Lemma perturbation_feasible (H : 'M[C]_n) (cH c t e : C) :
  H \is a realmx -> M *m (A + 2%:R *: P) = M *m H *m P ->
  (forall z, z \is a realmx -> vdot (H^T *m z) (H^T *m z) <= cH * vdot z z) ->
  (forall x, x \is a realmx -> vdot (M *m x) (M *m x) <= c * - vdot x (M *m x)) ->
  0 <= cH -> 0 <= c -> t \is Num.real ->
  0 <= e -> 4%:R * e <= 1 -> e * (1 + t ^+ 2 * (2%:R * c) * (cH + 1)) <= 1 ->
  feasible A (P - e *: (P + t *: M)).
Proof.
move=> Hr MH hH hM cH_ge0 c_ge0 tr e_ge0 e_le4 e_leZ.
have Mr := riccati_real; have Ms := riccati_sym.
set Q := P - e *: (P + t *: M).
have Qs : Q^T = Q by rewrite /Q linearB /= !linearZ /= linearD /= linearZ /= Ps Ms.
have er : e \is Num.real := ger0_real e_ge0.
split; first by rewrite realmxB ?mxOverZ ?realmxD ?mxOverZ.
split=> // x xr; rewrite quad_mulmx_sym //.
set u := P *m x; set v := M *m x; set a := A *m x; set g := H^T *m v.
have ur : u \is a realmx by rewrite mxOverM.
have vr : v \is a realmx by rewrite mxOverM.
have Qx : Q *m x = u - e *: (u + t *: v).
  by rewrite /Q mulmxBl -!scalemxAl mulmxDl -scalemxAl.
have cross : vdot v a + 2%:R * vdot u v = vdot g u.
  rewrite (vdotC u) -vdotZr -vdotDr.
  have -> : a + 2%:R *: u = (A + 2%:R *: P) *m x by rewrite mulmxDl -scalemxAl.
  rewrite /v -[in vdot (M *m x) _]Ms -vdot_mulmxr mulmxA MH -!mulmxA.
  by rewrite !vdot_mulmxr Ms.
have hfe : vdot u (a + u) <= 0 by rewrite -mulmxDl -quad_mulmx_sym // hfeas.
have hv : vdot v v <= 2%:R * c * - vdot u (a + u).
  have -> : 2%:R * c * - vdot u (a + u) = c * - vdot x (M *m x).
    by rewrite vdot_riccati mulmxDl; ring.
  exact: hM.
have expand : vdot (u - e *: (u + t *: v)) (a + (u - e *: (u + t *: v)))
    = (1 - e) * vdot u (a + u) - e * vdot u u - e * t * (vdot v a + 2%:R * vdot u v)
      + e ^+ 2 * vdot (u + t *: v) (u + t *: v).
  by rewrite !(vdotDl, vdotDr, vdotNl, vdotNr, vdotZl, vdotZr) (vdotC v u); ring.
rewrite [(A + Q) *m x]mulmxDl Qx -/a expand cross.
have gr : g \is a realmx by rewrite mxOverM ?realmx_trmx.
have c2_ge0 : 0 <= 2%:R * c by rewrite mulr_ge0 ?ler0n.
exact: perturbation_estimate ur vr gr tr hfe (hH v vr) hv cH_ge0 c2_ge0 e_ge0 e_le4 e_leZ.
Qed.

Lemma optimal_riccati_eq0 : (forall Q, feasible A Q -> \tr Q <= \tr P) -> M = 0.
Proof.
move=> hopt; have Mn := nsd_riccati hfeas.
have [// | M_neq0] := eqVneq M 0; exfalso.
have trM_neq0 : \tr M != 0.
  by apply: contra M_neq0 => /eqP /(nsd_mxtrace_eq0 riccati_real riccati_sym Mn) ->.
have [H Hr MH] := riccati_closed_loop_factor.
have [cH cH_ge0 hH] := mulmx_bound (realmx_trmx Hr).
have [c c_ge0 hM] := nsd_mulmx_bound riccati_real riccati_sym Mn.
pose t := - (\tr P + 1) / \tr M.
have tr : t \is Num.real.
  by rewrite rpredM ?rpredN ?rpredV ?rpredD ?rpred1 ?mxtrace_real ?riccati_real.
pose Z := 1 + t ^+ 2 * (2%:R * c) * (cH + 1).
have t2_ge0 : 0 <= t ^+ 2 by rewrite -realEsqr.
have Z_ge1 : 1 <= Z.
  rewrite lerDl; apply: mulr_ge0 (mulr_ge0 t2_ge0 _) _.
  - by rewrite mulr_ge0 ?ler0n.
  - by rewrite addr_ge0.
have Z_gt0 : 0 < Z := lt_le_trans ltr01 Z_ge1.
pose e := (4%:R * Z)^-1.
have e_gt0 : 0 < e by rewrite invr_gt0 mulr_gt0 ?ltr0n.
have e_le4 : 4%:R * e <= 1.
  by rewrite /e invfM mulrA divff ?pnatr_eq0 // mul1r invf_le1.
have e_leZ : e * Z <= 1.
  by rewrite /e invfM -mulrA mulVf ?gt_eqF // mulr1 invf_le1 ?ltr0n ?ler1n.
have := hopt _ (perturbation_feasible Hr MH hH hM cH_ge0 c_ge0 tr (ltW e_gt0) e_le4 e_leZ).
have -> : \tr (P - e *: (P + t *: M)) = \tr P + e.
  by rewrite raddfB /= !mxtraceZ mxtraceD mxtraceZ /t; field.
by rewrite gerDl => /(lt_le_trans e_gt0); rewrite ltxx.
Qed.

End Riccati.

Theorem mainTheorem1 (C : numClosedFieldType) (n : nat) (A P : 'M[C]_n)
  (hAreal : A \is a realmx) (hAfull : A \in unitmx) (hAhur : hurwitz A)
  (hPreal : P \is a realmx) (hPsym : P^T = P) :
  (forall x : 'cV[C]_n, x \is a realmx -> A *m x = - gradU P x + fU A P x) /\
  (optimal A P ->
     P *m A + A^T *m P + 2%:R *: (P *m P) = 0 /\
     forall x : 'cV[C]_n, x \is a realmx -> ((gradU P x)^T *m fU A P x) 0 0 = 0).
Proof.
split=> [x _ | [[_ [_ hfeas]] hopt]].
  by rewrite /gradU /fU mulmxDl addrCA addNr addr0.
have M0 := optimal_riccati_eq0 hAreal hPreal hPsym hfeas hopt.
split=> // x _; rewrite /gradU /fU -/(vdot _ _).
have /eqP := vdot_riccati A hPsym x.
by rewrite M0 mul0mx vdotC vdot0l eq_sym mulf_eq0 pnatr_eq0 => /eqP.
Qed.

---

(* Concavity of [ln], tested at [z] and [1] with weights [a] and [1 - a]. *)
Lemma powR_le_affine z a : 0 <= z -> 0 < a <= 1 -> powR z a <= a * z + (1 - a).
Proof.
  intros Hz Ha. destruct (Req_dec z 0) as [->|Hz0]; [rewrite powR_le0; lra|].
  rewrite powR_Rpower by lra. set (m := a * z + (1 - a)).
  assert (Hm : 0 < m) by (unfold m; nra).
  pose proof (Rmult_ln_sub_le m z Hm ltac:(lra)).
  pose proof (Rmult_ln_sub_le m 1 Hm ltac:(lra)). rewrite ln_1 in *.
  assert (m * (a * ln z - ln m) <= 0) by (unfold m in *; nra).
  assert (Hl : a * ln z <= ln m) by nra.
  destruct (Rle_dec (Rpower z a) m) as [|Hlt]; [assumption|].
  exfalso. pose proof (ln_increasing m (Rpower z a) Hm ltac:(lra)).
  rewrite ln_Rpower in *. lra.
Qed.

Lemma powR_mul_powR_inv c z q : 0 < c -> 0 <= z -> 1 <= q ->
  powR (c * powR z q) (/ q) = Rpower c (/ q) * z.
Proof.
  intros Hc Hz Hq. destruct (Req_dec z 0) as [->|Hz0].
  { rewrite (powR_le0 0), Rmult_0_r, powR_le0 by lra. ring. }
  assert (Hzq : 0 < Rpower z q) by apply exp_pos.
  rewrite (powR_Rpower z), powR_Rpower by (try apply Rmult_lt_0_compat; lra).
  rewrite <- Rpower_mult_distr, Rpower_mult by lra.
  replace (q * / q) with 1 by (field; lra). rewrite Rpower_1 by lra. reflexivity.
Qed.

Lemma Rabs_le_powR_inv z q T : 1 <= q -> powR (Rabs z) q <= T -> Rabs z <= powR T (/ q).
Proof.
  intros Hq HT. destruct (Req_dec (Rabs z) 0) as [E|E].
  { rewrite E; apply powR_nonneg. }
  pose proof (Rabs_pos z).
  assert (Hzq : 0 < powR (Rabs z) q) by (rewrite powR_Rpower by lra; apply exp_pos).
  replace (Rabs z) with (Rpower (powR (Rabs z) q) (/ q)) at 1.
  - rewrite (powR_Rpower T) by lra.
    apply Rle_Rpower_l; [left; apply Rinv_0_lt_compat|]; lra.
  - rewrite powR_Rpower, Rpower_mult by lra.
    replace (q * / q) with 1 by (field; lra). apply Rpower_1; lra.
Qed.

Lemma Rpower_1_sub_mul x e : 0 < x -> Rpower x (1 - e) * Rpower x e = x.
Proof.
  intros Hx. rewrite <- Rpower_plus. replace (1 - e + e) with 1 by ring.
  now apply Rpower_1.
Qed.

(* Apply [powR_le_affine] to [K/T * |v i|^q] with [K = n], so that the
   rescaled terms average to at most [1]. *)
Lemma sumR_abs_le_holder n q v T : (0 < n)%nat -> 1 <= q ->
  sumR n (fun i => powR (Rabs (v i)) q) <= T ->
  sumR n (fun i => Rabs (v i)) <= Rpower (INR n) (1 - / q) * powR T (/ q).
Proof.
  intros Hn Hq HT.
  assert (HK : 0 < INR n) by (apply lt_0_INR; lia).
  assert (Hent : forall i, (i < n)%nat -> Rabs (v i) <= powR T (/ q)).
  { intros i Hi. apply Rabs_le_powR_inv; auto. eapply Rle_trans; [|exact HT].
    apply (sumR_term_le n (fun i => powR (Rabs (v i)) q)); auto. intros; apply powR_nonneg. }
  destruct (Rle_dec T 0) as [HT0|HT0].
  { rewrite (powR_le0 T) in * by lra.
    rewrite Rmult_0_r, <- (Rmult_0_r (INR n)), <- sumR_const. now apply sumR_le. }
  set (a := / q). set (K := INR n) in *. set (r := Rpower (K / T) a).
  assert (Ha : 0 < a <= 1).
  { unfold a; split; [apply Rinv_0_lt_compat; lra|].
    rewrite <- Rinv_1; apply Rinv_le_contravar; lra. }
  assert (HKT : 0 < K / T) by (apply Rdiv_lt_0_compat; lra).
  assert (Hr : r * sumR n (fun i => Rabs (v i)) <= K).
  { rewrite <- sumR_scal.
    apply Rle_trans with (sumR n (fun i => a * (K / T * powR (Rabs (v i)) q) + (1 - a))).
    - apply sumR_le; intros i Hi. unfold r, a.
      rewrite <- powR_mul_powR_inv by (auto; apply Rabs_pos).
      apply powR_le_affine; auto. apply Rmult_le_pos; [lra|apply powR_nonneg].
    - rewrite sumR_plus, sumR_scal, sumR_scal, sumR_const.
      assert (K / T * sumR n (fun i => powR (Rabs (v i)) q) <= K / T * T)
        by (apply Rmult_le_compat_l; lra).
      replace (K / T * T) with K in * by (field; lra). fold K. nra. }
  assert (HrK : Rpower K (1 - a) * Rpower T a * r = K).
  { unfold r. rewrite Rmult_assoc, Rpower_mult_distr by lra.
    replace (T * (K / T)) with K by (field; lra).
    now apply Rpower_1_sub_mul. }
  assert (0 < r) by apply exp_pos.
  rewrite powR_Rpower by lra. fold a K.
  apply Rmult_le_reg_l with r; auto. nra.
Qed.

:: TASK GOAL ::
Could you count the lines of the listing above that hold the word "hfeas" and give only the total?

:: EXERCISE SOLUTION ::
4